From the entries below, copy exactly the lines from the one that contains "Lemma mul_row_tr u" through the one that contains "forall a, is_rational", both included, and only those.

▬▬▬▬▬▬▬▬▬▬

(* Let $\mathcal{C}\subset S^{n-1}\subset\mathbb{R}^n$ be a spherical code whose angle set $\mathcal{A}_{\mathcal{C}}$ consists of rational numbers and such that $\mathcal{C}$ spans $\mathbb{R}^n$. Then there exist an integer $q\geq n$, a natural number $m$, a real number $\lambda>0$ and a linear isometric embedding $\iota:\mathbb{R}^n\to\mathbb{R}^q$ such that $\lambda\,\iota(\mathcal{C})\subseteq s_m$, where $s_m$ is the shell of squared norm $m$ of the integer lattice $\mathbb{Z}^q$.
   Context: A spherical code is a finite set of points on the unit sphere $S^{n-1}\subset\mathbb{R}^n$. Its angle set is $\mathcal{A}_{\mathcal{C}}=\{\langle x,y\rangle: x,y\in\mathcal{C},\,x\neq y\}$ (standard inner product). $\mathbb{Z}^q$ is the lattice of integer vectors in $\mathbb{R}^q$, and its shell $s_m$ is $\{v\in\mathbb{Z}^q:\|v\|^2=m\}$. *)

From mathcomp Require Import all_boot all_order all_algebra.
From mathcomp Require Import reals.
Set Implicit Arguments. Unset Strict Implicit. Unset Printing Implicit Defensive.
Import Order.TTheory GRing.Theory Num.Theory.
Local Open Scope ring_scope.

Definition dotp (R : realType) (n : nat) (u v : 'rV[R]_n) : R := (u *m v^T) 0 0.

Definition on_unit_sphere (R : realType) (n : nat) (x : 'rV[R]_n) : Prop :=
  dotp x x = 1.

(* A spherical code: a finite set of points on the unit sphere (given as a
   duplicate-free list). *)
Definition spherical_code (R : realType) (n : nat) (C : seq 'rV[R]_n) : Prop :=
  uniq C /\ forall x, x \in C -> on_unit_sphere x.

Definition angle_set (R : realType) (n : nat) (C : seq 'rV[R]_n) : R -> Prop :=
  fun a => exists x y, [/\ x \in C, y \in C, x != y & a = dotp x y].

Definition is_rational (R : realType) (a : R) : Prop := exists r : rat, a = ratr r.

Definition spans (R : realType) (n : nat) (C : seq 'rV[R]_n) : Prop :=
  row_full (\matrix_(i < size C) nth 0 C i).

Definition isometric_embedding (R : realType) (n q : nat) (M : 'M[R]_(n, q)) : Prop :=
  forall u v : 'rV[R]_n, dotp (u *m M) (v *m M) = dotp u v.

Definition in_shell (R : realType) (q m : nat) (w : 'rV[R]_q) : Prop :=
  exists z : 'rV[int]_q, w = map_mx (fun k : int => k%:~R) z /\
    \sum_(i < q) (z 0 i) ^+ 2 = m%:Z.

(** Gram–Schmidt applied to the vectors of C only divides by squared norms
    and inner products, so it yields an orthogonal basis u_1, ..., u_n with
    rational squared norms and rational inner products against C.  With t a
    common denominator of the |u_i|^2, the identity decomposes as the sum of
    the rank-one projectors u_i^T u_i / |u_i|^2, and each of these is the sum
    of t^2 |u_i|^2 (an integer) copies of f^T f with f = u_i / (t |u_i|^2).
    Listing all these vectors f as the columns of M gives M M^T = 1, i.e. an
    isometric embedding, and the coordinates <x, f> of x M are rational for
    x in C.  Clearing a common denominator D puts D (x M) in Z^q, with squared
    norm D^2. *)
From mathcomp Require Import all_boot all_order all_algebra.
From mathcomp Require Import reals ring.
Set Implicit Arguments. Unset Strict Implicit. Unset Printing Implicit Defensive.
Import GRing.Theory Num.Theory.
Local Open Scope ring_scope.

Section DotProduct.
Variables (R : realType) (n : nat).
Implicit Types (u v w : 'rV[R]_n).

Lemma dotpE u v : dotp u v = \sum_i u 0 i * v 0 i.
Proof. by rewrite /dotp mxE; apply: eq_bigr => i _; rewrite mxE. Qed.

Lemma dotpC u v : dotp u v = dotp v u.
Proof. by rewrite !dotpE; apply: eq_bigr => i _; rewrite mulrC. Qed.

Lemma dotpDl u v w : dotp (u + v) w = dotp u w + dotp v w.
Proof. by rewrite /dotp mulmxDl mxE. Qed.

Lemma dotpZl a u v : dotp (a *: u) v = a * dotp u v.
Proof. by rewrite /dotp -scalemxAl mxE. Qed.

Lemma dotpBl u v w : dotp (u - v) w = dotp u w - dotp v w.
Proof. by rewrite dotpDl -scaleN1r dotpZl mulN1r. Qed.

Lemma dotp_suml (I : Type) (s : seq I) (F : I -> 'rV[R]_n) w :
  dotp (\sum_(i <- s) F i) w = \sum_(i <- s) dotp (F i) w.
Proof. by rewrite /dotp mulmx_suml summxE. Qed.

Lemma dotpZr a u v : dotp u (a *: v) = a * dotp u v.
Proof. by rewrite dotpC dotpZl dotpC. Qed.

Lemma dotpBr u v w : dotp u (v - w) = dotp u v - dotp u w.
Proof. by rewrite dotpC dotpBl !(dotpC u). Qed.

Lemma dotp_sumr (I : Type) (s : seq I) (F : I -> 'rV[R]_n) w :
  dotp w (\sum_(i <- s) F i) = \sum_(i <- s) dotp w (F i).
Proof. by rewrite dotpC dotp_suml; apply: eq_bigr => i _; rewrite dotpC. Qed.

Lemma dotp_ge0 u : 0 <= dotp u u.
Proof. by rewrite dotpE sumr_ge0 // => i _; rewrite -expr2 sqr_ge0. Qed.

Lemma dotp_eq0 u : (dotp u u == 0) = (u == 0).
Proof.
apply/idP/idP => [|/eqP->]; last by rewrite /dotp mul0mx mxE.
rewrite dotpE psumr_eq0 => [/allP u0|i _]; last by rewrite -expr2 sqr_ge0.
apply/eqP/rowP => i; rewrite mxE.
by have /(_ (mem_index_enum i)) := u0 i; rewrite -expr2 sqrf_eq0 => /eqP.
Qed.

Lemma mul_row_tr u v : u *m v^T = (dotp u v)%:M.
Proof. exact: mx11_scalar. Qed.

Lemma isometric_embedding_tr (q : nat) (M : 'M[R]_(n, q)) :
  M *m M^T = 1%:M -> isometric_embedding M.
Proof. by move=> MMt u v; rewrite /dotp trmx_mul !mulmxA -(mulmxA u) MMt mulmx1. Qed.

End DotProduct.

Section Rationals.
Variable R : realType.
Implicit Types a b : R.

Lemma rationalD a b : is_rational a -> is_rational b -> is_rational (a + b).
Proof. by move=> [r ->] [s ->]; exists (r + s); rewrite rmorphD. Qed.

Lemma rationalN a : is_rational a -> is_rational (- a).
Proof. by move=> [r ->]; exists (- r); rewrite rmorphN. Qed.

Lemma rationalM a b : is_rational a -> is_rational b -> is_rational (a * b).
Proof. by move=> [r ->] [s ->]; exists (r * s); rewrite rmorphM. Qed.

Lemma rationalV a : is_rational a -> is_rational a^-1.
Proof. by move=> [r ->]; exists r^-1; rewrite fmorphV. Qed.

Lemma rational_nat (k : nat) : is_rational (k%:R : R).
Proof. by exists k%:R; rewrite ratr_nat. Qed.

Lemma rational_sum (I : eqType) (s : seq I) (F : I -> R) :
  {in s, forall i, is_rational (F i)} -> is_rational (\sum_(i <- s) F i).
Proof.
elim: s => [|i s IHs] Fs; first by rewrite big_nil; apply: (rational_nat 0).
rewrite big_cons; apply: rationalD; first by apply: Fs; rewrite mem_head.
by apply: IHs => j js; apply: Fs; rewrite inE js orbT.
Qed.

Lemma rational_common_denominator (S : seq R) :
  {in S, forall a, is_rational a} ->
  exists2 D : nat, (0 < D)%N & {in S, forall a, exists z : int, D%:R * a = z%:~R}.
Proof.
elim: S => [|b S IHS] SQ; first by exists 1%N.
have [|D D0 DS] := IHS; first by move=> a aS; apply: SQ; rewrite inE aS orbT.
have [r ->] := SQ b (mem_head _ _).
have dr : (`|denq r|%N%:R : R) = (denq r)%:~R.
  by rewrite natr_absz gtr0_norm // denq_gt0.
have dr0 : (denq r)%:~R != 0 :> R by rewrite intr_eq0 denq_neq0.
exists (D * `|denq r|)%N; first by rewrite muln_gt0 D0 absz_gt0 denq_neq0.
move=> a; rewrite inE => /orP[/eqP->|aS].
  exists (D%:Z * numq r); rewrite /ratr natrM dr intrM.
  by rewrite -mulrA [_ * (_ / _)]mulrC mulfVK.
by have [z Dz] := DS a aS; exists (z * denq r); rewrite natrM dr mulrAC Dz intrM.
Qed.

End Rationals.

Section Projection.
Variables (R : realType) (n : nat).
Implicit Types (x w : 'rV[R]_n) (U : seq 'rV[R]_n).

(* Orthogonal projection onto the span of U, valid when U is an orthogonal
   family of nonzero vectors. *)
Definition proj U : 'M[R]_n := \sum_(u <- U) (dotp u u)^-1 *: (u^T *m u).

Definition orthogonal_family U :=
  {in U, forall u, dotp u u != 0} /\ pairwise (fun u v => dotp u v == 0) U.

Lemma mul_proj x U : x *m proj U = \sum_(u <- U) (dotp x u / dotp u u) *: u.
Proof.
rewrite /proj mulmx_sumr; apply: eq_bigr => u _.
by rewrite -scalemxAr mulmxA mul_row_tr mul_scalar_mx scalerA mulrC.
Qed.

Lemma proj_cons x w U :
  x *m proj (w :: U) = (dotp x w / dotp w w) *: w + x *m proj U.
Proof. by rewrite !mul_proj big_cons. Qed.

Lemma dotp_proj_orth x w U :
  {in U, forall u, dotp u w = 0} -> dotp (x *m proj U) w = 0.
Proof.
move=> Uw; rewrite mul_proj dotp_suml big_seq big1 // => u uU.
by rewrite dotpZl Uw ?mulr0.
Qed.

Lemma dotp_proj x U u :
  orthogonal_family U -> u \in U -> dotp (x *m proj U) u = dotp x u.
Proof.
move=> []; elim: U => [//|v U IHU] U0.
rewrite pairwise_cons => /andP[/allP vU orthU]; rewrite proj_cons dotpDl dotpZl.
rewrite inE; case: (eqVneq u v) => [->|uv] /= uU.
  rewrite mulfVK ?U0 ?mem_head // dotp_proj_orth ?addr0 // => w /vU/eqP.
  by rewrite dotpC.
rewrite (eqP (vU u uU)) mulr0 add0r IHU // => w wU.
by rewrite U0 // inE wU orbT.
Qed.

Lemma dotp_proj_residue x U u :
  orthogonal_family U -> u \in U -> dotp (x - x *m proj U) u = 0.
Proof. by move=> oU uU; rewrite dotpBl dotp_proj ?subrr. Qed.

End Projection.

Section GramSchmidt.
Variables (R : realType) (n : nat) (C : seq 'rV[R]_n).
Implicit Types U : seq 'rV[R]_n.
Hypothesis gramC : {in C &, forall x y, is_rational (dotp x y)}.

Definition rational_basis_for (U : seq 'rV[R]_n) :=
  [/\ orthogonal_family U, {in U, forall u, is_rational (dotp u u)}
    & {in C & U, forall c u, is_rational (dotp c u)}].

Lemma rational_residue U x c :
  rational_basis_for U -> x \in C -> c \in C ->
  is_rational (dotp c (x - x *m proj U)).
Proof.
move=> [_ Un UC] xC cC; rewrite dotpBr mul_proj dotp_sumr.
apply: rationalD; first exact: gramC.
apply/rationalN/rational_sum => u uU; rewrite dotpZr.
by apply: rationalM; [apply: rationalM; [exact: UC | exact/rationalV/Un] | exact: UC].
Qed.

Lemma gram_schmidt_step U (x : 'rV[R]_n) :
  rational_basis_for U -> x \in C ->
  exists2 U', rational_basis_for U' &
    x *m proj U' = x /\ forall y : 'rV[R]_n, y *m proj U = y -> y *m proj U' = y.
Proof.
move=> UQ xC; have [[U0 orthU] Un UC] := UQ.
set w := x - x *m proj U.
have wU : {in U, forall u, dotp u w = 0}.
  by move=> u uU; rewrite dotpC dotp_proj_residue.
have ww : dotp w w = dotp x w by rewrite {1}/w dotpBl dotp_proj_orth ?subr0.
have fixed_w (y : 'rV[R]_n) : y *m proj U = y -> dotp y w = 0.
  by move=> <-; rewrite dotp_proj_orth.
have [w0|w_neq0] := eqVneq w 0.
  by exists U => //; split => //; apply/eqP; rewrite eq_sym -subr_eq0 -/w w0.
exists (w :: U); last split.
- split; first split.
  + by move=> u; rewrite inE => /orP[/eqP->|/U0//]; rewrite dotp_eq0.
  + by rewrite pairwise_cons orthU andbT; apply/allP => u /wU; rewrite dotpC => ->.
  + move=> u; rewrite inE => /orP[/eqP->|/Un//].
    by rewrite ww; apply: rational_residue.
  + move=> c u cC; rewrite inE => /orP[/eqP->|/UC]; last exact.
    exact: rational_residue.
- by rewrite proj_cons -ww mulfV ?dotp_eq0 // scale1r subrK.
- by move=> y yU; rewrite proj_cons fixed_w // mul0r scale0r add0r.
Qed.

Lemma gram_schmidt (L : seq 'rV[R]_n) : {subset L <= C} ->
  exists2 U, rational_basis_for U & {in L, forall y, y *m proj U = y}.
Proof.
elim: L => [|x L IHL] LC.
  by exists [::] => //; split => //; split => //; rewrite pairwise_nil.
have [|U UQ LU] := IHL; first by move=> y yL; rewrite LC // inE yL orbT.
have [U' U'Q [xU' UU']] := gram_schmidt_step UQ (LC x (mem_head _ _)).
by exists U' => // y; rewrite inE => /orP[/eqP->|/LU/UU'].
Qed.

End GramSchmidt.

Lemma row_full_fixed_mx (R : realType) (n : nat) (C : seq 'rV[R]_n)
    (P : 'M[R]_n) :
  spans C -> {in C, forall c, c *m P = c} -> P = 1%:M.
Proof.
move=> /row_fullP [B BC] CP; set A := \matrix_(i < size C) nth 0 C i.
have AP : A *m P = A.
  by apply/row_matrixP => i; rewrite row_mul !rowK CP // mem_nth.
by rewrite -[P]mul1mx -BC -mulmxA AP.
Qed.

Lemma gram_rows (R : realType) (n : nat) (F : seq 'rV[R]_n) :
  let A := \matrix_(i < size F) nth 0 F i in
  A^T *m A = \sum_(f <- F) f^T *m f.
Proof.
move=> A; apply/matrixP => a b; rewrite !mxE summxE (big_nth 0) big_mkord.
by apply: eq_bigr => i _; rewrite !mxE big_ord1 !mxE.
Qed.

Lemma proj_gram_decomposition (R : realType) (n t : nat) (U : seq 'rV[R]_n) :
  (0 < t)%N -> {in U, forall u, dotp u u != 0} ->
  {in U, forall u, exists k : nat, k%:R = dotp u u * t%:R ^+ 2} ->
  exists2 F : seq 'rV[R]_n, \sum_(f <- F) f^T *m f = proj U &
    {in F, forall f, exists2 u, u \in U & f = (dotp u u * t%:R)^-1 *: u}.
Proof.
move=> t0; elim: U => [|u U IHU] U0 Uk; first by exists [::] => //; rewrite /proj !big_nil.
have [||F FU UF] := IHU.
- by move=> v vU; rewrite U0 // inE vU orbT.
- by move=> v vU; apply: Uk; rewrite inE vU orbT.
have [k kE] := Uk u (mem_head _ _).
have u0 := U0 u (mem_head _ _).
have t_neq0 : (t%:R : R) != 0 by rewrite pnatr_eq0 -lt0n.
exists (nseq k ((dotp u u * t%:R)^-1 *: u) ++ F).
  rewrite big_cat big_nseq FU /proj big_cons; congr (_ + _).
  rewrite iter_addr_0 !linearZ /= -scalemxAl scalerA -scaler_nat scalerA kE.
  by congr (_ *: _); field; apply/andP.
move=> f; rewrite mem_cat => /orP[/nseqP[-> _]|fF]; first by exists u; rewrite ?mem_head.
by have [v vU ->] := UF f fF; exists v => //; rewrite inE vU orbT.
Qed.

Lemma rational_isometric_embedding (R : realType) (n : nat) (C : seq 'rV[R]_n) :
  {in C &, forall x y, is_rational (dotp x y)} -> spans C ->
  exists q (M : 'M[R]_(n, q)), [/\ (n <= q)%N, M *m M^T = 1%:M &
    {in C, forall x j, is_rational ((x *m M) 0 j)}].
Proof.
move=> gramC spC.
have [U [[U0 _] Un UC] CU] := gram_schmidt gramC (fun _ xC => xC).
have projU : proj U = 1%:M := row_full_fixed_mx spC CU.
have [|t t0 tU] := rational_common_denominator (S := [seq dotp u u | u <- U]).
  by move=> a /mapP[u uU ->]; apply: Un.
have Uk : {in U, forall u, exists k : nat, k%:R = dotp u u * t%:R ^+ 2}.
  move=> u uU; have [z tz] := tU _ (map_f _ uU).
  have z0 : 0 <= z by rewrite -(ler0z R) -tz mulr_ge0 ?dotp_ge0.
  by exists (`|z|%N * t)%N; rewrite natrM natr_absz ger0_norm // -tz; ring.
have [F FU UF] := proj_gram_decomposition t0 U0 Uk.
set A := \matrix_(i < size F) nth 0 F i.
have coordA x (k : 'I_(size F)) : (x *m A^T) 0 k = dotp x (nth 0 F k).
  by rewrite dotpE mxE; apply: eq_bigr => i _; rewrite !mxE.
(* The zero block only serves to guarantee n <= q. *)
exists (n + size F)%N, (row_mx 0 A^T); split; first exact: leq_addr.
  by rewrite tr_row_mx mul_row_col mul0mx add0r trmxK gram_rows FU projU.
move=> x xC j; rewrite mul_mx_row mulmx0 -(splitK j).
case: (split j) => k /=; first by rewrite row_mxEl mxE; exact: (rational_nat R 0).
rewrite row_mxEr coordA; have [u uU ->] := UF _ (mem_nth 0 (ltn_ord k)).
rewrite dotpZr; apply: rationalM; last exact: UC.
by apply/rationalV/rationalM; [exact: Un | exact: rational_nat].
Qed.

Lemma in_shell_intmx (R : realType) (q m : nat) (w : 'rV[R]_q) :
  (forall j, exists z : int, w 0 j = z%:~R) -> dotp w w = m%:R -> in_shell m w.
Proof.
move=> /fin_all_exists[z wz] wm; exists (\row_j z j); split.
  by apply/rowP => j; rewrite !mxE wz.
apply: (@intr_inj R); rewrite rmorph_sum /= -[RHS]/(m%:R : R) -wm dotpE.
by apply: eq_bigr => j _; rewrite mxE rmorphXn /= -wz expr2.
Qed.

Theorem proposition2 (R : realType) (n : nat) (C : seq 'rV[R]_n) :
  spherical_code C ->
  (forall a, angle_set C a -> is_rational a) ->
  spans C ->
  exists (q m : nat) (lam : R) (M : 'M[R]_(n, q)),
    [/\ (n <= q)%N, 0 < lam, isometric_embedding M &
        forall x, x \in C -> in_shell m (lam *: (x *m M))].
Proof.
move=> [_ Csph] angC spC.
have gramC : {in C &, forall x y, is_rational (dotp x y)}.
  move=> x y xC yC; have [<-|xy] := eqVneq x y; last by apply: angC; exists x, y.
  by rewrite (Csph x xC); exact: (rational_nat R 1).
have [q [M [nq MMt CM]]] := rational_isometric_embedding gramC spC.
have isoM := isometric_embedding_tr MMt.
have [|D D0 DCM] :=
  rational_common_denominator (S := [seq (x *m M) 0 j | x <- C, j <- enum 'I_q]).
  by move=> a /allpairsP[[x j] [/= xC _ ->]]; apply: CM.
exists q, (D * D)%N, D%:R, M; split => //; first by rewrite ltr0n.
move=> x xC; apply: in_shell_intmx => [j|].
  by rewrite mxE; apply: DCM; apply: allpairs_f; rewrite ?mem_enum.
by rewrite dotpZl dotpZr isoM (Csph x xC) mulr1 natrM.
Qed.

▬▬▬▬▬▬▬▬▬▬

Reply:
Lemma mul_row_tr u v : u *m v^T = (dotp u v)%:M.
Proof. exact: mx11_scalar. Qed.

Lemma isometric_embedding_tr (q : nat) (M : 'M[R]_(n, q)) :
  M *m M^T = 1%:M -> isometric_embedding M.
Proof. by move=> MMt u v; rewrite /dotp trmx_mul !mulmxA -(mulmxA u) MMt mulmx1. Qed.

End DotProduct.

Section Rationals.
Variable R : realType.
Implicit Types a b : R.

Lemma rationalD a b : is_rational a -> is_rational b -> is_rational (a + b).
Proof. by move=> [r ->] [s ->]; exists (r + s); rewrite rmorphD. Qed.

Lemma rationalN a : is_rational a -> is_rational (- a).
Proof. by move=> [r ->]; exists (- r); rewrite rmorphN. Qed.

Lemma rationalM a b : is_rational a -> is_rational b -> is_rational (a * b).
Proof. by move=> [r ->] [s ->]; exists (r * s); rewrite rmorphM. Qed.

Lemma rationalV a : is_rational a -> is_rational a^-1.
Proof. by move=> [r ->]; exists r^-1; rewrite fmorphV. Qed.

Lemma rational_nat (k : nat) : is_rational (k%:R : R).
Proof. by exists k%:R; rewrite ratr_nat. Qed.

Lemma rational_sum (I : eqType) (s : seq I) (F : I -> R) :
  {in s, forall i, is_rational (F i)} -> is_rational (\sum_(i <- s) F i).
Proof.
elim: s => [|i s IHs] Fs; first by rewrite big_nil; apply: (rational_nat 0).
rewrite big_cons; apply: rationalD; first by apply: Fs; rewrite mem_head.
by apply: IHs => j js; apply: Fs; rewrite inE js orbT.
Qed.

Lemma rational_common_denominator (S : seq R) :
  {in S, forall a, is_rational a} ->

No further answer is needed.